» **What you should do**
Find every line in the records below that holds the word "MultiToUni" and copy it.

++++ Data supplied ++++

Lemma complex_avoids_sequence (R : realType) (u : nat -> R[i]) :
  exists z : R[i], forall n, z != u n.
Proof.
have [x xu] := real_avoids_sequence (fun n => complex.Re (u n)).
by exists (x%:C)%C => n; apply: contra_neq (xu n) => <-.
Qed.

Definition extend_last (T : Type) n (x : 'I_n -> T) (t : T) (i : 'I_n.+1) : T :=
  if unlift ord_max i is Some j then x j else t.

Lemma extend_last_widen (T : Type) n (x : 'I_n -> T) t i :
  extend_last x t (widen_ord (leqnSn n) i) = x i.
Proof.
have -> : widen_ord (leqnSn n) i = lift ord_max i by apply: ord_inj; rewrite lift_max.
by rewrite /extend_last liftK.
Qed.

Lemma extend_last_max (T : Type) n (x : 'I_n -> T) t : extend_last x t ord_max = t.
Proof. by rewrite /extend_last unlift_none. Qed.

Section MultiToUni.
Variables (R : nzRingType) (n : nat).

Definition mnm_init (m : 'X_{1..n.+1}) : 'X_{1..n} :=
  [multinom m (widen_ord (leqnSn n) i) | i < n].

Lemma mnm_init_last_eq (m m' : 'X_{1..n.+1}) :
  (mnm_init m == mnm_init m') && (m ord_max == m' ord_max) = (m == m').
Proof.
apply/idP/eqP => [/andP[/eqP e /eqP e_max]|-> //]; last by rewrite !eqxx.
apply/mnmP => i; case: (unliftP ord_max i) => [j ->|-> //].
have := congr1 (fun mu : 'X_{1..n} => mu j) e; rewrite !mnmE.
by have -> : lift ord_max j = widen_ord (leqnSn n) j by apply: ord_inj; rewrite lift_max.
Qed.

Lemma mcoeff_muni (p : {mpoly R[n.+1]}) (m : 'X_{1..n.+1}) :
  ((muni p)`_(m ord_max))@_(mnm_init m) = p@_m.
Proof.
rewrite muniE [in RHS](mpolyE p) coef_sum !raddf_sum /=; apply: eq_bigr => m' _.
rewrite coefZ coefXn mcoeffZ mcoeffX -mnm_init_last_eq -/(mnm_init m').
rewrite mulr_natr mcoeffMn mcoeffZ mcoeffX [m ord_max == _]eq_sym.
by case: (_ == _); case: (_ == _); rewrite ?mulr0 ?mulr1.
Qed.

Lemma muni_inj : injective (@muni n R).
Proof.
move=> p q e; apply/mpolyP => m.
by rewrite -mcoeff_muni e mcoeff_muni.
Qed.

End MultiToUni.

Lemma horner_map_muni (R : comNzRingType) n (p : {mpoly R[n.+1]}) x t :
  (map_poly (meval x) (muni p)).[t] = p.@[extend_last x t].
Proof.
rewrite muniE mevalE raddf_sum horner_sum; apply: eq_bigr => m _.
rewrite /= map_polyZ map_polyXn hornerZ hornerXn /= mevalZ mevalX.
rewrite big_ord_recr /= extend_last_max mulrA; congr (_ * _ * _).
by apply: eq_bigr => i _; rewrite mnmE extend_last_widen.
Qed.

Section AvoidZeros.
Variable K : decFieldType.
Hypothesis K_avoids : forall u : nat -> K, exists x, forall n, x != u n.

Lemma poly_avoid_roots (I : countType) (p : I -> {poly K}) :
  exists x, forall i, p i != 0 -> ~~ root (p i) x.
Proof.
pose s i := projT1 (dec_factor_theorem (p i)).
have s_roots i x : p i != 0 -> root (p i) x -> x \in s i.
  rewrite /s; case: dec_factor_theorem => /= r [q [-> q_roots]].
  rewrite mulf_eq0 negb_or rootM root_prod_XsubC => /andP[q0 _].
  by rewrite (negbTE (q_roots q0 x)).
pose u k := if @pickle_inv (I * nat)%type k is Some ij then nth 0 (s ij.1) ij.2 else 0.
have [x xu] := K_avoids u.
exists x => i pi0; apply: contra (xu (pickle (i, index x (s i)))) => /(s_roots _ _ pi0) xs.
by rewrite /u pickleK_inv /= nth_index.
Qed.

Lemma mpoly_avoid_zeros n (I : countType) (f : I -> {mpoly K[n]}) :
  exists x : 'I_n -> K, forall i, f i != 0 -> (f i).@[x] != 0.
Proof.
elim: n I f => [|n IH] I f.
  by exists (fun _ => 0) => i; rewrite [f i]nvar0_mpolyC mevalC mpolyC_eq0.
have [x x_avoids] := IH _ (fun ij : I * nat => (muni (f ij.1))`_ij.2).
pose G i := map_poly (meval x) (muni (f i)).
have G_neq0 i : f i != 0 -> G i != 0.
  move=> fi0; have : lead_coef (muni (f i)) != 0.
    by rewrite lead_coef_eq0 raddf_eq0 //; apply: muni_inj.
  move=> /(x_avoids (i, _)); rewrite /= -coef_map.
  by apply: contraNneq => Gi0; rewrite -/(G i) Gi0 coef0.
have [t t_avoids] := poly_avoid_roots G.
exists (extend_last x t) => i fi0.
by rewrite -horner_map_muni; apply: t_avoids; exact: G_neq0.
Qed.

End AvoidZeros.

Section Subspaces.
Variables (F : fieldType) (n : nat) (W : 'rV[F]_n -> Prop).
Hypotheses (W0 : W 0) (W_lin : forall a u v, W u -> W v -> W (a *: u + v)).

Lemma addsmx_in_subspace (A : 'M_n) w :
  (forall v, (v <= A)%MS -> W v) -> W w -> forall v, (v <= A + w)%MS -> W v.
Proof.
move=> AW Ww v /sub_addsmxP[[a b] /= ->].
rewrite addrC [b]mx11_scalar mul_scalar_mx; apply: W_lin => //.
by apply: AW; apply: submxMl.
Qed.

++++

» **Exercise solution**
Section MultiToUni.
End MultiToUni.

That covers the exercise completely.